# [Available records]
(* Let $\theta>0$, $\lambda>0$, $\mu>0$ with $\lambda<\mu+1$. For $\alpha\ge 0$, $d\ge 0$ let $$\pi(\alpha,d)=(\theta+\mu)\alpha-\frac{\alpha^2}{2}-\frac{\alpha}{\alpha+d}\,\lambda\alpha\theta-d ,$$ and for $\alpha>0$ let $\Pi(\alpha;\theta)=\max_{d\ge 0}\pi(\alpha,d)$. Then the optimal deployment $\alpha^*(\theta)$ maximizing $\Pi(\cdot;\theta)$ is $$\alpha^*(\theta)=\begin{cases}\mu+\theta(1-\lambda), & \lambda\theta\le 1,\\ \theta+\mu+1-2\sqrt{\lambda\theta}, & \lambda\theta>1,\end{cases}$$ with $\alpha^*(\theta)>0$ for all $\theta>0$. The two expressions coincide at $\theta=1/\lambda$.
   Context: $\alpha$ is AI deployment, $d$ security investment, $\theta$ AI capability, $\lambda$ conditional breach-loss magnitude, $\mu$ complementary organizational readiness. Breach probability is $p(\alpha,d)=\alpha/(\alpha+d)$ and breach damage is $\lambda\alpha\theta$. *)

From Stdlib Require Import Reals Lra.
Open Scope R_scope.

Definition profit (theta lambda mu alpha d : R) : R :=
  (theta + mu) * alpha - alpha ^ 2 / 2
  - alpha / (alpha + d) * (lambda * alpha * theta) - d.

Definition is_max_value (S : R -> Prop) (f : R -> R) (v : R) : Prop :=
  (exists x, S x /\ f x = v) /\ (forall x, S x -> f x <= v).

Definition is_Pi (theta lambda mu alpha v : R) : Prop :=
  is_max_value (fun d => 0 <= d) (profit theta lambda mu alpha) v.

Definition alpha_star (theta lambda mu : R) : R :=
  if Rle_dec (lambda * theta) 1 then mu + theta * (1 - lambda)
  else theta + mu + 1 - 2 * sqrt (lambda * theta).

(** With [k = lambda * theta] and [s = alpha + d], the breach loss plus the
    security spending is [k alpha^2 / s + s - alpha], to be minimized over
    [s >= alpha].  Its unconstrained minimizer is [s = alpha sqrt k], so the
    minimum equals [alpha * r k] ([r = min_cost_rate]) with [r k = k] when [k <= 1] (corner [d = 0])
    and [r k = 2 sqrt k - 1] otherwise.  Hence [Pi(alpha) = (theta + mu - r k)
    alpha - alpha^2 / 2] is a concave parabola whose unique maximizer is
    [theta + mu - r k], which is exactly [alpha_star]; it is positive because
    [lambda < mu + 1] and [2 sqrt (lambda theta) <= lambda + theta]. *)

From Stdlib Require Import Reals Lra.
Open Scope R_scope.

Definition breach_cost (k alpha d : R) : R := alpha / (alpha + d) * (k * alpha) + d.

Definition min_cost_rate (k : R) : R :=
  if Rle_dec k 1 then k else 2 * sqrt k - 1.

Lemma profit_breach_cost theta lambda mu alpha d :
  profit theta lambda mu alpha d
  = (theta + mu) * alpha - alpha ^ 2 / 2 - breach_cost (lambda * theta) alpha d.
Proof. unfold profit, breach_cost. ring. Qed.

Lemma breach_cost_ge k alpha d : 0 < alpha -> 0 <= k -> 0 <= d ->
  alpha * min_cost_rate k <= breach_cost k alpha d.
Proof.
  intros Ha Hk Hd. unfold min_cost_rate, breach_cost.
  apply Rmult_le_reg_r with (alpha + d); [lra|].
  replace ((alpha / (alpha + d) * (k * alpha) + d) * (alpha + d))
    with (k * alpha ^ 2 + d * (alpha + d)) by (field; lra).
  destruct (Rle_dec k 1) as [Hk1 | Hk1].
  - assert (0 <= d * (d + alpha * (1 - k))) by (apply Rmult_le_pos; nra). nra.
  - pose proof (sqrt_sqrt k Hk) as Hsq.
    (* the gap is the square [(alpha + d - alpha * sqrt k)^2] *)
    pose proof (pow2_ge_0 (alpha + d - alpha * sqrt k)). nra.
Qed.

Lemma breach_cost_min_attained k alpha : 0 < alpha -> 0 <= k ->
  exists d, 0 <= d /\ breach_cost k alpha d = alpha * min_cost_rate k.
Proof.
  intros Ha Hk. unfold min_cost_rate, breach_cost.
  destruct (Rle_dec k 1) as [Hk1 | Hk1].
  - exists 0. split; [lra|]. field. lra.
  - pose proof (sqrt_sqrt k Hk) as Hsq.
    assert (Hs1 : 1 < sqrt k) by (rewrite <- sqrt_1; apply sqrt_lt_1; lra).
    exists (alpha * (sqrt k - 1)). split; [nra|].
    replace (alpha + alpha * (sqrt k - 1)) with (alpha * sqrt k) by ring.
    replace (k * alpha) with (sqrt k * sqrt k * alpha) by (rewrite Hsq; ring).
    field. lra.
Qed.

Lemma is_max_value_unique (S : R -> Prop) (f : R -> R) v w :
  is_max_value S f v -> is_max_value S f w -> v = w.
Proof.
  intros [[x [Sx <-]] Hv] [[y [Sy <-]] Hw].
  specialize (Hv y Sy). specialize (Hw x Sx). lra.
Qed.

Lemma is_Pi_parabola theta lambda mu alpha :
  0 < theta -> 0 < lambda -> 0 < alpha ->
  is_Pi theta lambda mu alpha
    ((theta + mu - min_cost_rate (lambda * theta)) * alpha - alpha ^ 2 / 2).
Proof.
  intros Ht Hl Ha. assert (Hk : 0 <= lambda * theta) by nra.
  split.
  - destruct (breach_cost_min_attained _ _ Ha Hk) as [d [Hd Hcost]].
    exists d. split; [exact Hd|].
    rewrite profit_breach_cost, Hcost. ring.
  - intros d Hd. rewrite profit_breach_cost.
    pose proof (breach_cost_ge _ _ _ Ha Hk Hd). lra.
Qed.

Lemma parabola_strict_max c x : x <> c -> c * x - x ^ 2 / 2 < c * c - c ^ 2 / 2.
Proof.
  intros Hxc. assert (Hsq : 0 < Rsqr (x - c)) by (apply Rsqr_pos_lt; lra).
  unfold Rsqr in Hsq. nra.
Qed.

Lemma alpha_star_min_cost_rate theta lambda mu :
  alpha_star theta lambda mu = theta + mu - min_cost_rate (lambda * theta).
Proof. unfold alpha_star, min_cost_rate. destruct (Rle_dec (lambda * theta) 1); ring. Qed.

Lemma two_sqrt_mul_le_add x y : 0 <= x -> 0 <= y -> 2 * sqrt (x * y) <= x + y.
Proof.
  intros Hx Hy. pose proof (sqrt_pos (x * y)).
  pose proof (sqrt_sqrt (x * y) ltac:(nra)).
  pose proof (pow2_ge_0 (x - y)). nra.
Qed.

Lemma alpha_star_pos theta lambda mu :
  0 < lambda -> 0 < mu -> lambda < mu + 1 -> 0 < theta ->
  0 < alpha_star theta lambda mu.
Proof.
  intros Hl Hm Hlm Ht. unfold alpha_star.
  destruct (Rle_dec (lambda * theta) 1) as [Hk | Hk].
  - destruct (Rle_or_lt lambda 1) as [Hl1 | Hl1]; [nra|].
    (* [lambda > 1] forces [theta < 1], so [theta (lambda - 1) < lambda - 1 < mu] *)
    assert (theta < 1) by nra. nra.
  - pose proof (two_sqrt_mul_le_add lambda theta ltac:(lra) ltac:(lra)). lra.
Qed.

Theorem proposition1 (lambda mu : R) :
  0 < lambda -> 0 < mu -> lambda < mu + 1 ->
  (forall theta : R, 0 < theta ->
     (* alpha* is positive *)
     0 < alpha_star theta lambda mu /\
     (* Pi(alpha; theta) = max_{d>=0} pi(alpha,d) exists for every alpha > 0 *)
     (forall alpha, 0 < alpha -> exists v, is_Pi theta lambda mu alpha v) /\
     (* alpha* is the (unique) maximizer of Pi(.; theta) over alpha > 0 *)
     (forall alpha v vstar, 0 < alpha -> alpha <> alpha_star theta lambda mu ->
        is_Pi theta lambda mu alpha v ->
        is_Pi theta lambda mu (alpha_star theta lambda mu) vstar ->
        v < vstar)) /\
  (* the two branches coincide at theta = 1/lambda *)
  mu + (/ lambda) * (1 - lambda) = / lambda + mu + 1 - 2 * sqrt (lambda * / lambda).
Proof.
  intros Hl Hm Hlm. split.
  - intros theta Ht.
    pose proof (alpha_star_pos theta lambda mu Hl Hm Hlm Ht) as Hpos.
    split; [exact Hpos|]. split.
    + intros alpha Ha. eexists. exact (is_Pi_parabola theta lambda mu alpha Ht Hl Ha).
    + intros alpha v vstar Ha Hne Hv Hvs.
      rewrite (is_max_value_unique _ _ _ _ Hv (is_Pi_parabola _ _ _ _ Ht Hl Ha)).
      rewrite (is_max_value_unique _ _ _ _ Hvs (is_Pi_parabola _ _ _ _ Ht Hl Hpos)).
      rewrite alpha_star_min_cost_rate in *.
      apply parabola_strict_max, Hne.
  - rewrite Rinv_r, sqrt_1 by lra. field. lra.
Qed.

# [Task brief]
Set the lines down exactly, from the first line of the records to the line where "(exists x, S" appears, with both ends kept.

# [Result]
(* Let $\theta>0$, $\lambda>0$, $\mu>0$ with $\lambda<\mu+1$. For $\alpha\ge 0$, $d\ge 0$ let $$\pi(\alpha,d)=(\theta+\mu)\alpha-\frac{\alpha^2}{2}-\frac{\alpha}{\alpha+d}\,\lambda\alpha\theta-d ,$$ and for $\alpha>0$ let $\Pi(\alpha;\theta)=\max_{d\ge 0}\pi(\alpha,d)$. Then the optimal deployment $\alpha^*(\theta)$ maximizing $\Pi(\cdot;\theta)$ is $$\alpha^*(\theta)=\begin{cases}\mu+\theta(1-\lambda), & \lambda\theta\le 1,\\ \theta+\mu+1-2\sqrt{\lambda\theta}, & \lambda\theta>1,\end{cases}$$ with $\alpha^*(\theta)>0$ for all $\theta>0$. The two expressions coincide at $\theta=1/\lambda$.
   Context: $\alpha$ is AI deployment, $d$ security investment, $\theta$ AI capability, $\lambda$ conditional breach-loss magnitude, $\mu$ complementary organizational readiness. Breach probability is $p(\alpha,d)=\alpha/(\alpha+d)$ and breach damage is $\lambda\alpha\theta$. *)

From Stdlib Require Import Reals Lra.
Open Scope R_scope.

Definition profit (theta lambda mu alpha d : R) : R :=
  (theta + mu) * alpha - alpha ^ 2 / 2
  - alpha / (alpha + d) * (lambda * alpha * theta) - d.

Definition is_max_value (S : R -> Prop) (f : R -> R) (v : R) : Prop :=
  (exists x, S x /\ f x = v) /\ (forall x, S x -> f x <= v).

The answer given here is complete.